It has been four days since I came back home from Penang. I came
back for one purpose actually which was to win the war after I lost in the last
battle that I had with that bitch. Anyway, things are different now. I'm not
fighting in any battle or war anymore. And yup, I'm giving up just like that.
But why? I sound so energetic and full with revenge in my previous post. Why
I'm giving up? First, when I came home four days ago, I thought (well, I
imagine in my head actually) that my family will give me a full support and
perhaps a hug that I really needed (who I'm kidding). In reality, they didn't
give a damn at all. Not even a word. To make it worse, they made a joke of me
(why I'm not surprised). For a moment, I forgot that I have lived with my
emotionless siblings for twenty-six years. Seriously, what did I expect? A hug?

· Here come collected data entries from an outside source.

Definition rcc_mix (s a : 'I_n -> nat) (rest_rdc rest_fdc : R) : R :=
  let y := fdc_share s a in
  let q := p_rdc f0 f1 (\sum_(i < n) (c0 i - c1 i) * (y i)%:R) in
  q * (period_cost f0 f1 c0 c1 s (fun=> 0%N) + rest_rdc)
  + (1 - q) * (period_cost f0 f1 c0 c1 (fun i => s i - y i)%N y + rest_fdc).

Lemma amortized_period_le (hf0 : 0 < f0) (hf1 : 0 < f1) s a o z :
  (forall i, z i <= s i)%N -> (forall i, z i <= o i)%N ->
  rcc_mix s a (potential a (fun i => o i - z i)%N)
    (potential (fun i => a i - fdc_share s a i)%N (fun i => o i - z i)%N)
  <= rcc_bound (f0 / f1) * period_cost f0 f1 c0 c1 (fun i => s i - z i)%N z
     + potential a o.
Proof.
move=> hzs hzo; rewrite /rcc_mix; set y := fdc_share s a.
have hys := fdc_share_le s a.
rewrite !period_costE var_cost_rdc var_cost_split // !gain_fdc_share.
set x := \sum_(i < n) saving i * (y i)%:R; set q := p_rdc f0 f1 x.
set B := \sum_(i < n) c0 i * (s i)%:R.
set Z := \sum_(i < n) saving i * (z i)%:R.
set M := \sum_(i < n) saving i * (z i - (o i - a i))%:R.
set F1 := fixed_cost s _; set FA := fixed_cost _ y; set FO := fixed_cost _ z.
set b := rcc_bound _; set P := potential a o.
have hrdc := potential_rdc_step a hzo; rewrite -/Z -/M -/P in hrdc.
have hfdc := potential_fdc_step a hzs hzo; rewrite -/y -/Z -/x -/P in hfdc.
have hopt := opt_var_cost_ge hzs; rewrite -/B -/Z in hopt.
have /andP[q0 q1] := p_rdc_in01 hf0 hf1 x.
have b0 : 0 <= b by apply: le_trans (rcc_bound_ge _); rewrite addr_ge0 ?divr_ge0 ?ltW.
have core : q * (F1 + (B - Z) + M) + (1 - q) * (FA + (B - Z)) <= b * (FO + (B - Z)).
  apply: p_rdc_mix_cost_le => //.
  - by apply: sumr_ge0 => i _; rewrite mulr_ge0 ?saving_ge0.
  - by rewrite subr_ge0 saving_sum_le.
  - by apply: sumr_ge0 => i _; rewrite mulr_ge0 ?saving_ge0.
  - exact: excess_le_fdc_gain.
  - by rewrite /F1 fixed_cost_rdc; case: ifP => _; lra.
  - by apply: fixed_cost_split_le; rewrite ?ltW.
  - exact: fdc_gain_eq0_or_fixed_cost.
  - by apply: fixed_cost_ge0; rewrite ltW.
  - by apply: opt_fixed_cost_cases; rewrite ?ltW.
have : (1 - q) * (potential (fun i => a i - y i)%N (fun i => o i - z i)%N)
       <= (1 - q) * (P + x - Z) by rewrite ler_wpM2l ?subr_ge0 //; lra.
have : b * (FO + (B - Z)) <= b * (FO + var_cost (fun i => s i - z i)%N z).
  by rewrite ler_wpM2l // lerD2l.
have -> : potential a (fun i => o i - z i)%N = P + M - Z by lra.
lra.
Qed.

Lemma potential_ge0 a o : 0 <= potential a o.
Proof. by apply: sumr_ge0 => i _; rewrite mulr_ge0 ?saving_ge0. Qed.

Lemma potential_id a : potential a a = 0.
Proof. by rewrite /potential big1 // => i _; rewrite subnn mulr0. Qed.

Lemma rcc_mix_le (hf0 : 0 < f0) (hf1 : 0 < f1) s a r1 r2 r1' r2' :
  r1 <= r1' -> r2 <= r2' -> rcc_mix s a r1 r2 <= rcc_mix s a r1' r2'.
Proof.
move=> h1 h2; have /andP[q0 q1] := p_rdc_in01 hf0 hf1
  (\sum_(i < n) (c0 i - c1 i) * (fdc_share s a i)%:R).
by rewrite lerD // ler_wpM2l ?subr_ge0 // lerD2l.
Qed.

Lemma rcc_mixDl s a d r1 r2 :
  rcc_mix s a (d + r1) (d + r2) = d + rcc_mix s a r1 r2.
Proof. by rewrite /rcc_mix; ring. Qed.

Lemma rcc_exp_costS S k t a :
  rcc_exp_cost f0 f1 c0 c1 S k.+1 t a
  = rcc_mix (S t) a (rcc_exp_cost f0 f1 c0 c1 S k t.+1 a)
      (rcc_exp_cost f0 f1 c0 c1 S k t.+1 (fun i => a i - fdc_share (S t) a i)%N).
Proof. by []. Qed.

Lemma rcc_exp_cost_shift S k t a :
  rcc_exp_cost f0 f1 c0 c1 S k t.+1 a
  = rcc_exp_cost f0 f1 c0 c1 (fun t => S t.+1) k t a.
Proof. by elim: k t a => // k IH t a; rewrite !rcc_exp_costS !IH. Qed.

Lemma rcc_exp_cost_le_plan (hf0 : 0 < f0) (hf1 : 0 < f1) k S m1 a o :
  feasible_plan k o S m1 ->
  rcc_exp_cost f0 f1 c0 c1 S k 0 a
  <= rcc_bound (f0 / f1) * plan_cost k f0 f1 c0 c1 S m1 + potential a o.
Proof.
elim: k S m1 a o => [|k IH] S m1 a o hfeas.
  by rewrite /plan_cost big_ord0 mulr0 add0r potential_ge0.
have [hzs hzo] := feasible_plan_head hfeas.
have IHtail := IH _ _ _ _ (feasible_plan_behead hfeas).
rewrite rcc_exp_costS !rcc_exp_cost_shift plan_cost_recl.
apply: le_trans (rcc_mix_le hf0 hf1 _ _ (IHtail a) (IHtail _)) _.
have := amortized_period_le hf0 hf1 a hzs hzo.
by rewrite rcc_mixDl => hstep; rewrite mulrDr; lra.
Qed.

End Amortized.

Really? Since I was all alone in this war and the only people that support me
behind my back were 2-3 of my friends, therefore I thought it's for the best if
I just gave up instead of fighting back. It made me think that sometimes it's
not about things that we lost; like in my case I had lost some money, times,
anger and rationality, and winning a fight or an argument. It's about who will
always be by your side, people that have your back and how strong are you as a
person. Giving up in a war that's not worth your fight or times does not mean
you're a weak, coward or quitter. Sometimes it is better to just let it go and
start fresh and made your mistakes as a lesson in this life.